Five important lessons from five very special students, lessons that
including naming our struggles, that Judaism is not whatever you want to be, but
that there is much room for interpretation, that God is present when we share
our deepest thoughts with one another, that concrete actions of Tikkun Olam are
what each of us must do to make this world a better place. This is exactly what I
want our students to take away from Temple Beth Abraham about Judaism, but
it’s like a mirror. Here are the students reflecting our teaching back at us, but seen
in a newer light, with their own relevance.

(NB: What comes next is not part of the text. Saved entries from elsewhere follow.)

Lemma lex0 {a} : PSL_le A a zero -> a = zero.
Proof. by rewrite /PSL_le => a0; rewrite -a0 meetC meet0. Qed.

Lemma meet_neg a : meet a (neg a) = zero.
Proof. by rewrite meetC; apply/negP; apply: meetI. Qed.

Lemma neg_antitone {a b} : PSL_le A a b -> PSL_le A (neg b) (neg a).
Proof.
move=> ab; apply/negP/lex0.
apply: le_trans (le_meet2 (le_refl _) ab) _.
by rewrite meetC meet_neg; apply: le_refl.
Qed.

End Order.

Section Filters.
Context {A : PSL}.
Implicit Types (a x y : A) (F G W : set A).

Definition proper_filter F := is_filter A F /\ ~ F zero.

Definition maximal_filter W :=
  proper_filter W /\ forall G, proper_filter G -> W `<=` G -> G `<=` W.

Lemma principal_filter a : is_filter A (PSL_le A a).
Proof.
split; [by exists a; apply: le_refl | split].
- by move=> x y ax xy; apply: le_trans xy.
- by move=> x y ax ay; apply: le_meetI.
Qed.

Lemma filter_one F : is_filter A F -> F one.
Proof. by case=> [[a Fa] [upF _]]; apply: upF Fa (lex1 a). Qed.

Lemma proper_filter_neg {F a} : proper_filter F -> F a -> F (neg a) -> False.
Proof. by case=> [[_ [_ meetF]] F0] Fa Fna; apply: F0; rewrite -(meet_neg a); apply: meetF. Qed.

Lemma meet_irreducible_proper {F} : meet_irreducible A F -> proper_filter F.
Proof.
by case=> [[neF [upF meetF]] [[a Fna] _]]; split=> // F0; apply: Fna (upF _ _ F0 (le0x a)).
Qed.

Lemma maximal_meet_irreducible {W} : maximal_filter W -> meet_irreducible A W.
Proof.
case=> [[filW W0] maxW]; split=> //; split; first by exists zero.
case=> [G [H [filG [filH [neqG [neqH WGH]]]]]].
have G0 : G zero.
  apply: NNPP => G0; apply: neqG => x; split; last by move=> /WGH [].
  by apply: (maxW G) => // y /WGH [].
have H0 : H zero.
  apply: NNPP => H0; apply: neqH => x; split; last by move=> /WGH [].
  by apply: (maxW H) => // y /WGH [].
by apply: W0; apply/WGH.
Qed.

Lemma maximal_filter_above {W G} : maximal_filter W -> proper_filter G -> W `<=` G ->
  maximal_filter G.
Proof.
move=> [_ maxW] propG WG; split=> // H propH GH x Hx.
by apply/WG/(maxW H propH) => // y /WG/GH.
Qed.

Definition filter_join F G : set A :=
  fun c => exists x y, F x /\ G y /\ PSL_le A (meet x y) c.

Lemma filter_join_filter {F G} : is_filter A F -> is_filter A G -> is_filter A (filter_join F G).
Proof.
move=> filF filG; have [_ [_ meetF]] := filF; have [_ [_ meetG]] := filG.
split; [|split].
- by exists one, one, one; do !split; [exact: filter_one | exact: filter_one | exact: lex1].
- by move=> c d [x [y [Fx [Gy xyc]]]] cd; exists x, y; do !split=> //; apply: le_trans cd.
- move=> c d [x [y [Fx [Gy xyc]]]] [x' [y' [Fx' [Gy' xyd]]]].
  exists (meet x x'), (meet y y'); do !split; [exact: meetF | exact: meetG |].
  apply: le_meetI; [apply: le_trans xyc | apply: le_trans xyd]; apply: le_meet2;
    [apply: le_meetl | apply: le_meetl | apply: le_meetr | apply: le_meetr].
Qed.

Lemma filter_join_subl {F G} : is_filter A G -> F `<=` filter_join F G.
Proof.
by move=> filG x Fx; exists x, one; rewrite meet1; do !split=> //;
  [exact: filter_one | exact: le_refl].
Qed.

Lemma filter_join_subr {F G} : is_filter A F -> G `<=` filter_join F G.
Proof.
by move=> filF y Gy; exists one, y; do !split=> //; [exact: filter_one | exact: le_meetr].
Qed.

Lemma filter_join_zero {F G} : filter_join F G zero -> exists x y, F x /\ G y /\ PSL_le A x (neg y).
Proof. by move=> [x [y [Fx [Gy /lex0 xy0]]]]; exists x, y; do !split=> //; apply/negP. Qed.

Lemma maximal_filter_mem_or_neg {W} a : maximal_filter W -> W a \/ W (neg a).
Proof.
move=> [[filW W0] maxW]; have [_ [upW _]] := filW.
have filWa := filter_join_filter filW (principal_filter a).
have [Wa0|nWa0] := classic (filter_join W (PSL_le A a) zero).
- have [x [y [Wx [ay xny]]]] := filter_join_zero Wa0.
  by right; apply: upW Wx (le_trans xny (neg_antitone ay)).
- left; apply: (maxW _ (conj filWa nWa0)).
  + exact: filter_join_subl (principal_filter a).
  + exact: filter_join_subr filW _ (le_refl a).
Qed.

Lemma proper_filter_chain_union {G0} {C : set (set A)} :
  proper_filter G0 -> (forall S, C S -> proper_filter (G0 `|` S)) -> total_on C subset ->
  proper_filter (G0 `|` \bigcup_(S in C) S).
Proof.
move=> propG0 propC chainC; set U := G0 `|` _.
have common x y : U x -> U y -> exists H, proper_filter H /\ H `<=` U /\ H x /\ H y.
  have inU S : C S -> (G0 `|` S) x -> (G0 `|` S) y ->
      exists H, proper_filter H /\ H `<=` U /\ H x /\ H y.
    move=> CS Sx Sy; exists (G0 `|` S); split; first exact: propC.
    by split=> // z [G0z|Sz]; [left | right; exists S].
  case=> [G0x|[S CS Sx]] [G0y|[T CT Ty]].
  - by exists G0; split=> //; split=> // z G0z; left.
  - by apply: (inU T) => //; [left | right].
  - by apply: (inU S) => //; [right | left].
  - have [ST|TS] := chainC S T CS CT.
    + by apply: (inU T) => //; right => //; apply: ST.
    + by apply: (inU S) => //; right => //; apply: TS.
have [[[g G0g] _] _] := propG0.
split; [split; [|split]|].
- by exists g; left.
- move=> x y Ux xy; have [H [[[_ [upH _]] _] [HU [Hx _]]]] := common x x Ux Ux.
  by apply/HU/(upH x).
- move=> x y Ux Uy; have [H [[[_ [_ meetH]] _] [HU [Hx Hy]]]] := common x y Ux Uy.
  by apply/HU/meetH.
- by move=> U0; have [H [[_ nH0] [_ [H0 _]]]] := common _ _ U0 U0.
Qed.

Lemma exists_maximal_filter {G0} : proper_filter G0 -> exists W, maximal_filter W /\ G0 `<=` W.
Proof.
(* [Zorn_bigcup] needs the union of the empty chain to be admissible too, hence sets are taken
   modulo [G0]. *)
move=> propG0.
have [S [propS maxS]] := @Zorn_bigcup A (fun S => proper_filter (G0 `|` S))
  (fun C propC chainC => proper_filter_chain_union propG0 propC chainC).
exists (G0 `|` S); split; last by move=> x; left.
split=> // G propG sub x Gx.
have [GS|nGS] := classic (G `<=` S); first by right; apply: GS.
exfalso; apply: (maxS G); first by split=> // y Sy; apply: sub; right.
by rewrite setUidr // => y G0y; apply: sub; left.
Qed.

End Filters.

Section Homomorphism.
Variables (A B : PSL) (f : A -> B).
Hypothesis hom_f : PSL_hom A B f.

Lemma hom_le a b : PSL_le A a b -> PSL_le B (f a) (f b).
Proof. by case: hom_f => fmeet _; rewrite /PSL_le => ab; rewrite -fmeet ab. Qed.

Lemma preimage_filter {G} : is_filter B G -> is_filter A (f @^-1` G).
Proof.
case: hom_f => fmeet [_ [_ f1]] filG; have [_ [upG meetG]] := filG.
split; [by exists one; rewrite /preimage /= f1; apply: filter_one | split].
- by move=> a b Gfa /hom_le; apply: upG.
- by move=> a b Gfa Gfb; rewrite /preimage /= fmeet; apply: meetG.
Qed.

Definition up_image (G : set A) : set B := fun b => exists a, G a /\ PSL_le B (f a) b.

Lemma up_image_filter {G} : is_filter A G -> is_filter B (up_image G).
Proof.
case: hom_f => fmeet _ [[a Ga] [_ meetG]].
split; [by exists (f a), a; split=> //; apply: le_refl | split].
- by move=> b c [a' [Ga' fab]] bc; exists a'; split=> //; apply: le_trans bc.
- move=> b c [a' [Ga' fab]] [a'' [Ga'' fac]]; exists (meet a' a''); split; first exact: meetG.
  by rewrite fmeet; apply: le_meet2.
Qed.

Lemma preimage_maximal {W} : maximal_filter W -> maximal_filter (f @^-1` W).
Proof.
move=> maxW; have W_or_neg a := maximal_filter_mem_or_neg a maxW.
case: maxW => [[filW W0] _]; case: hom_f => _ [fneg [f0 _]].
split; first by split; [exact: preimage_filter | rewrite /preimage /= f0].
move=> G propG WG a Ga; case: (W_or_neg (f a)) => // Wnfa.
by case: (proper_filter_neg propG Ga); apply: WG; rewrite /preimage /= fneg.
Qed.

Lemma lower_star_order_preserving :
  order_preserving (MIF_le B) (MIF_le A) (lower_star A B f).
Proof. by move=> F G domF domG FG a /FG. Qed.

Lemma lower_star_dom_cofinal (F : MIF B) :
  exists W, MIF_le B F W /\ forall V, MIF_le B W V -> pdom (lower_star A B f) V.
Proof.
case: F => F MIF.
have [W [maxW FW]] := exists_maximal_filter (meet_irreducible_proper MIF).
exists (exist _ W (maximal_meet_irreducible maxW)); split=> // -[V MIV] WV.
apply/maximal_meet_irreducible/preimage_maximal.
exact: maximal_filter_above maxW (meet_irreducible_proper MIV) WV.
Qed.

Lemma lower_star_back (F : MIF B) (domF : pdom (lower_star A B f) F) (G : MIF A) :
  MIF_le A (papp (lower_star A B f) F domF) G ->
  exists W (domW : pdom (lower_star A B f) W),
    MIF_le B F W /\ MIF_le A G (papp (lower_star A B f) W domW).
Proof.
case: F domF G => F MIF domF [G MIG] /= FG.
have propG := meet_irreducible_proper MIG; have [filG _] := propG.
have [filF _] := meet_irreducible_proper MIF; have [_ [upF _]] := filF.
have filH := filter_join_filter filF (up_image_filter filG).
have propH : proper_filter (filter_join F (up_image G)).
  split=> // /filter_join_zero [b [y [Fb [[a [Ga fab]] bnb]]]].
  apply: (proper_filter_neg propG Ga); apply: FG => /=.
  case: hom_f => _ [-> _]; exact: upF Fb (le_trans bnb (neg_antitone fab)).
have [W [maxW HW]] := exists_maximal_filter propH.
exists (exist _ W (maximal_meet_irreducible maxW)),
  (maximal_meet_irreducible (preimage_maximal maxW)).
split=> a Ha /=; apply: HW.
- exact: filter_join_subl (up_image_filter filG) _ Ha.
- by apply: filter_join_subr filF _ _; exists a; split=> //; apply: le_refl.
Qed.

Lemma lower_star_neg_pmorphism :
  partial_neg_pmorphism (MIF_le B) (MIF_le A) (lower_star A B f).
Proof.
split; [exact: lower_star_order_preserving | split; [exact: lower_star_dom_cofinal |]].
exact: lower_star_back.
Qed.

End Homomorphism.

Section UpMap.
Variables (X Y : Type) (leX : X -> X -> Prop) (leY : Y -> Y -> Prop).
Variables (HX : is_poset leX) (HY : is_poset leY) (p : pfun X Y).

Definition dom_cofinal := forall x, exists w (dw : pdom p w), leX x w.

Lemma up_map_meet (U V : Up leY) :
  up_map HX p (up_meet U V) = up_meet (up_map HX p U) (up_map HX p V).
Proof.
apply: Up_ext => x /=; split.
- by move=> nUV; split=> -[z [dz [xz nU]]]; apply: nUV; exists z, dz; split=> // -[].
- move=> [nU nV] [z [dz [xz nUV]]]; apply: nUV.
  by split; apply: NNPP => nW; [apply: nU | apply: nV]; exists z, dz.
Qed.

Lemma up_map_neg (U : Up leY) :
  order_preserving leX leY p -> dom_cofinal ->
  (forall x (dx : pdom p x) y, leY (papp p x dx) y ->
     exists z (dz : pdom p z), leX x z /\ leY y (papp p z dz)) ->
  up_map HX p (up_neg HY U) = up_neg HX (up_map HX p U).
Proof.
have [reflX [_ transX]] := HX; have [reflY [_ transY]] := HY.
move=> monp cofinal back; apply: Up_ext => x /=; split.
- move=> nLHS [x' [xx' nx']]; have [w [dw x'w]] := cofinal x'.
  have Uw : proj1_sig U (papp p w dw) by apply: NNPP => nUw; apply: nx'; exists w, dw.
  apply: nLHS; exists w, dw; split; first exact: transX xx' x'w.
  by apply; exists (papp p w dw); split; first exact: reflY.
- move=> nRHS [z [dz [xz nn]]]; apply: nn => -[y [pzy Uy]].
  have [z' [dz' [zz' yz']]] := back z dz y pzy.
  apply: nRHS; exists z'; split; first exact: transX xz zz'.
  move=> [z'' [dz'' [z'z'' nU]]]; apply: nU.
  exact: (proj2_sig U) Uy (transY _ _ _ yz' (monp _ _ _ _ z'z'')).
Qed.

Lemma up_map_zero : dom_cofinal -> up_map HX p (up_zero leY) = up_zero leX.
Proof.
move=> cofinal; apply: Up_ext => x /=; split=> [nx|[]].
by have [w [dw xw]] := cofinal x; apply: nx; exists w, dw; split=> // -[].
Qed.

Lemma up_map_one : up_map HX p (up_one leY) = up_one leX.
Proof. by apply: Up_ext => x /=; split=> // _ [z [dz [_ nT]]]; apply: nT. Qed.

Lemma up_map_hom : partial_neg_pmorphism leX leY p ->
  PSL_hom (UpPSL HY) (UpPSL HX) (@up_map X Y leX leY HX p).
Proof.
have [reflX _] := HX.
move=> [monp [dn back]].
have cofinal : dom_cofinal by move=> x; have [w [xw dom]] := dn x; exists w, (dom w (reflX w)).
split; first exact: up_map_meet.
split; first by move=> U; exact: up_map_neg.
by split; [exact: up_map_zero | exact: up_map_one].
Qed.

End UpMap.

Theorem proposition3p9 :
  (forall (A B : PSL) (f : A -> B),
      PSL_hom A B f -> partial_neg_pmorphism (MIF_le B) (MIF_le A) (lower_star A B f)) /\
  (forall (X Y : Type) (leX : X -> X -> Prop) (leY : Y -> Y -> Prop)
          (HX : is_poset leX) (HY : is_poset leY) (p : pfun X Y),
      partial_neg_pmorphism leX leY p ->
      PSL_hom (UpPSL HY) (UpPSL HX) (@up_map X Y leX leY HX p)).
Proof. by split=> *; [exact: lower_star_neg_pmorphism | exact: up_map_hom]. Qed.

In a few hours we will conclude Yom Kippur with our Neilah service. It
opens with a piyut called “El Nora Alila,” written in the 11th Century by Abraham
ibn Ezra, sung here in a tune which I can’t hear without thinking of Sarah
Sheidlower of blessed memory. The final stanza of this poem begins with the
words Tizku l’shanim rabot habanim v’habanot, may we, your sons and daughters
your children, be merited with length of days and with ditzah uvtzohola, joy and
gladness. The joy of children begins our neilah service. Then, as we get to the end
of Neilah, Avinu Malkeinu, one of the last lines is “chamol aleinu v’al olaleinu
v’tapeinu, Merciful One, who gives us life, have compassion for us, our infants,
and our children.” Before the gates close, we refer not to ourselves, but to our
children, who are ultimately both the repository and the source of ultimate
wisdom. And then, the very final line, after reciting the Shema and that Hashem is
God seven times, the very final line is “l’shana haba’ah b’Yerushalayim, next year
in Jerusalem.” Yes, it is a reference to the our sacred land at the crescendo of the
service, an important lesson in and of itself, but I think it’s also symbolic—the idea
that we must look not just to God but to the future itself, to next year, and to the
only ones who can guarantee the covenant and future of the Jewish people—our
children. And, thankfully, as you can see, our future is in excellent hands.